In Remembrance of the Border War

Translated by: Phạm Đoan Trang

Dear, if you ever go to the border
you’ll find plenty of rose myrthes
shining their colour of purple
in that windy and sandy land.

They are as purple as the colour of faith
in the heart of the young soldiers
in the land of the border…

These beautiful lyrics of the song “Border Rose Myrthes” by songwriter Minh Quang arose from the inspiration he found in a 1979 trip to the northern border of Vietnam. The song would later be completed in 1984 amid tensions between Vietnam and China. Not long before his trip, on February 17, 1979, first sounds of gunfire echoed in the border area between the two countries, marking the return of Chinese invaders 190 years after their defeat in Dong Da, Ngoc Hoi (now part of Hanoi).

500,000 Chinese soldiers and civil defend servants from 9 combat corps of the PLA, together with many other military units, were deployed. At 5am, February 17, 1979, they opened fire, launching a large offensive across the entire northern border of Vietnam. In the brief war which lasted for only one month, the Chinese made an incursion deep into Vietnam, capturing some bordering cities including Lang Son, Lao Cai, Cao Bang, slaughtering approximately 10,000 civilians, destroying all crops and properties of the local people.
Within that savage war, at least 10,000 Vietnamese soldiers were killed, and they lay down over the hills, along the streams, in the trenches of the border area. Thousands of soldiers were injured. They were unyielding in fighting to defend national land and pushing back forces of invaders at last on March 18. Today, their graves can be found in every cemetery in northern provinces. Many remains have not been repatriated or even found, and the dead soldiers remain sand and dust permanently.

Those heroes, for many reasons, have not been commemorated during the past 34 years. Young generations today have almost no idea about the 1979 border war and about the soldiers, possibly of the same age as they are now, who sacrificed the life for the sake of the country.

We must never let those dead heroes fall into oblivion.
On February 16, 2012, a group of Vietnamese intellectuals called on people to take activities in commemoration of the soldiers in the border war. “Would you please, in every house, every market stall, every shop, every class and school, every cemetery, in any sacred place across the nation, burn an incense, place a flower or a garland with dedication reading, ‘In commemoration of the beloved sons and daughters of the motherland, who passed away in the defensive war against Chinese invaders in the northern border, the southeastern border, the Spratly and the Paracel islands. Would you please carve these words on the door of every house of us?’”
In support of this call, we urge people to use rose myrthes as a symbol to commemorate our soldiers who slipped away in the border war of 1979. Given the famous song by Minh Quang about young soldiers, “Border Rose Myrthes”, we believe these flowers should be regarded as the symbol of border soldiers, which has been engraved on Vietnamese hearts for dozens of years.

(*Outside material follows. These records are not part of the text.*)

(* Let $k\in\mathbb{N}_0$ and $f(s)=(s-1/2-k)\,\Gamma(1/2-s)$. Then for every $j\in\mathbb{N}$, \[ \lim_{s\to 1/2+k}f^{(j)}(s)=(-1)^{k+j-1}\,j!\sum_{\ell_1+\ell_2+\dots+\ell_{k+1}=j}\frac{\Gamma^{(\ell_{k+1})}(1)}{\ell_{k+1}!}\prod_{i=1}^{k}(k-i+1)^{-(\ell_i+1)}. \]
   Context: $f^{(j)}$ and $\Gamma^{(\ell)}$ denote derivatives; the sum ranges over tuples $(\ell_1,\dots,\ell_{k+1})$ of nonnegative integers with sum $j$; empty products equal $1$. *)

From Stdlib Require Import Reals List Factorial.
From Coquelicot Require Import Coquelicot.
Import ListNotations.
Open Scope R_scope.

(* Euler's integral, used for x > 0:  Gamma(x) = int_0^oo t^(x-1) e^(-t) dt. *)
Definition Gamma_pos (x : R) : R :=
  RInt_gen (fun t => Rpower t (x - 1) * exp (- t)) (at_right 0) (Rbar_locally p_infty).

Definition rising (x : R) (n : nat) : R :=
  fold_right Rmult 1 (map (fun i => x + INR i) (seq 0 n)).

(* The Gamma function on R, meromorphically continued through the functional
   equation Gamma(x) = Gamma(x+n) / (x (x+1) ... (x+n-1)), with n chosen so
   that x + n > 0.  At the poles (x in {0,-1,-2,...}) the value is junk. *)
Definition Gamma (x : R) : R :=
  let n := Z.to_nat (up (- x)) in Gamma_pos (x + INR n) / rising x n.

(* compositions m j = list of all tuples (l_1,...,l_m) of nonnegative
   integers with l_1 + ... + l_m = j (each exactly once). *)
Fixpoint compositions (m j : nat) : list (list nat) :=
  match m with
  | O => if Nat.eqb j 0 then [nil] else nil
  | S m' => flat_map (fun a => map (cons a) (compositions m' (j - a))) (seq 0 (S j))
  end.

Definition sumR (l : list R) : R := fold_right Rplus 0 l.
Definition prodR (l : list R) : R := fold_right Rmult 1 l.

(* Summand for a tuple l = [l_1; ...; l_{k+1}]:
   Gamma^(l_{k+1})(1) / l_{k+1}! * prod_{i=1}^k (k-i+1)^(-(l_i+1)). *)
Definition lemma3_term (k : nat) (l : list nat) : R :=
  Derive_n Gamma (nth k l O) 1 / INR (fact (nth k l O)) *
  prodR (map (fun i => / (INR (k - i + 1)) ^ (S (nth (i - 1) l O))) (seq 1 k)).

Definition lemma3_rhs (k j : nat) : R :=
  (-1) ^ (k + j - 1) * INR (fact j) * sumR (map (lemma3_term k) (compositions (S k) j)).

(* Near [s = 1/2 + k] put [u = 1/2 + k - s].  By the functional equation,
   [(s - 1/2 - k) Gamma(1/2 - s) = (-1)^(k+1) Gamma(1 + u) / prod_(i<k) (k - i - u)]
   for [0 < |u| < 1], and the right-hand side is smooth at [u = 0].  Hence the
   limit of the [j]-th derivative is [(-1)^j] times the [j]-th derivative of
   this product at [u = 0], which the Leibniz rule expresses through the Taylor
   coefficients [Gamma^(l)(1) / l!] and [1 / (k - i)^(l+1)] of its factors,
   summed over all compositions of [j].  Smoothness of [Gamma] on (0, +oo) comes
   from differentiating Euler's integral under the integral sign, justified by
   an integrable majorant and a quadratic Taylor remainder bound. *)

From Stdlib Require Import Reals List Lra Lia ZArith.
From Coquelicot Require Import Coquelicot.
Open Scope R_scope.

Lemma exp_le_mono x y : x <= y -> exp x <= exp y.
Proof. intros [H|H]; [apply Rlt_le, exp_increasing; exact H | subst; lra]. Qed.

Lemma exp_INR_mul N L : exp (INR N * L) = exp L ^ N.
Proof.
  induction N as [|N IH]; [simpl; rewrite Rmult_0_l, exp_0; ring|].
  rewrite S_INR, Rmult_plus_distr_r, Rmult_1_l, exp_plus, IH. simpl. ring.
Qed.

Lemma pow_le_fact_mul_exp m x : 0 <= x -> x ^ m <= INR (fact m) * exp x.
Proof.
  intros Hx. pose proof (INR_fact_lt_0 m) as Hf.
  assert (Hterm : x ^ m / INR (fact m) <= sum_f_R0 (fun k => x ^ k / INR (fact k)) m).
  { destruct m as [|m]; simpl; [lra|].
    enough (0 <= sum_f_R0 (fun k => x ^ k / INR (fact k)) m) by lra.
    apply cond_pos_sum. intros n. apply Rmult_le_pos; [apply pow_le; lra|].
    apply Rlt_le, Rinv_0_lt_compat, INR_fact_lt_0. }
  pose proof (exp_ge_taylor x m Hx).
  apply Rmult_le_reg_r with (/ INR (fact m)); [apply Rinv_0_lt_compat; lra|].
  replace (INR (fact m) * exp x * / INR (fact m)) with (exp x) by (field; lra).
  unfold Rdiv in Hterm. lra.
Qed.

Lemma exp_sub_1_sub_bound v : 0 <= exp v - 1 - v <= v ^ 2 * exp (Rabs v).
Proof.
  split; [pose proof (exp_ineq1_le v); lra|].
  destruct (Rle_dec 0 v) as [Hv|Hv].
  - rewrite Rabs_right by lra. pose proof (exp_pos v).
    destruct (Rle_dec 1 v); [assert (1 <= v ^ 2) by nra; nra|].
    pose proof (exp_ineq1_le (- v)) as Hneg. rewrite exp_Ropp in Hneg.
    assert (exp v * (1 - v) <= 1).
    { apply Rmult_le_reg_r with (/ exp v); [apply Rinv_0_lt_compat; lra|].
      field_simplify; lra. }
    nra.
  - rewrite Rabs_left by lra. set (w := - v). replace v with (- w) by (unfold w; ring).
    assert (Hw : 0 < w) by (unfold w; lra).
    pose proof (exp_ineq1_le w). rewrite exp_Ropp.
    assert (/ exp w <= / (1 + w)) by (apply Rinv_le_contravar; lra).
    assert (/ (1 + w) - 1 + w <= w ^ 2).
    { replace (/ (1 + w) - 1 + w) with (w ^ 2 / (1 + w)) by (field; lra).
      apply Rmult_le_reg_r with (1 + w); [lra|]. field_simplify; nra. }
    assert (w ^ 2 <= w ^ 2 * exp w) by nra.
    lra.
Qed.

Kindly place rose myrthes on the altar of your home on February 17, decorate your home with rose myrthes, bring rose myrthes to the soldiers’ cemeteries, print rose myrthes on your T-shirts, pin rose myrthes on your clothes, use rose myrthes as your Facebook avatar, sing about rose myrthes, and about those dead soldiers.

And, more than ever before, please let the whole nation keep thinking about them as a way to demonstrate our deference to history and to become a mature people.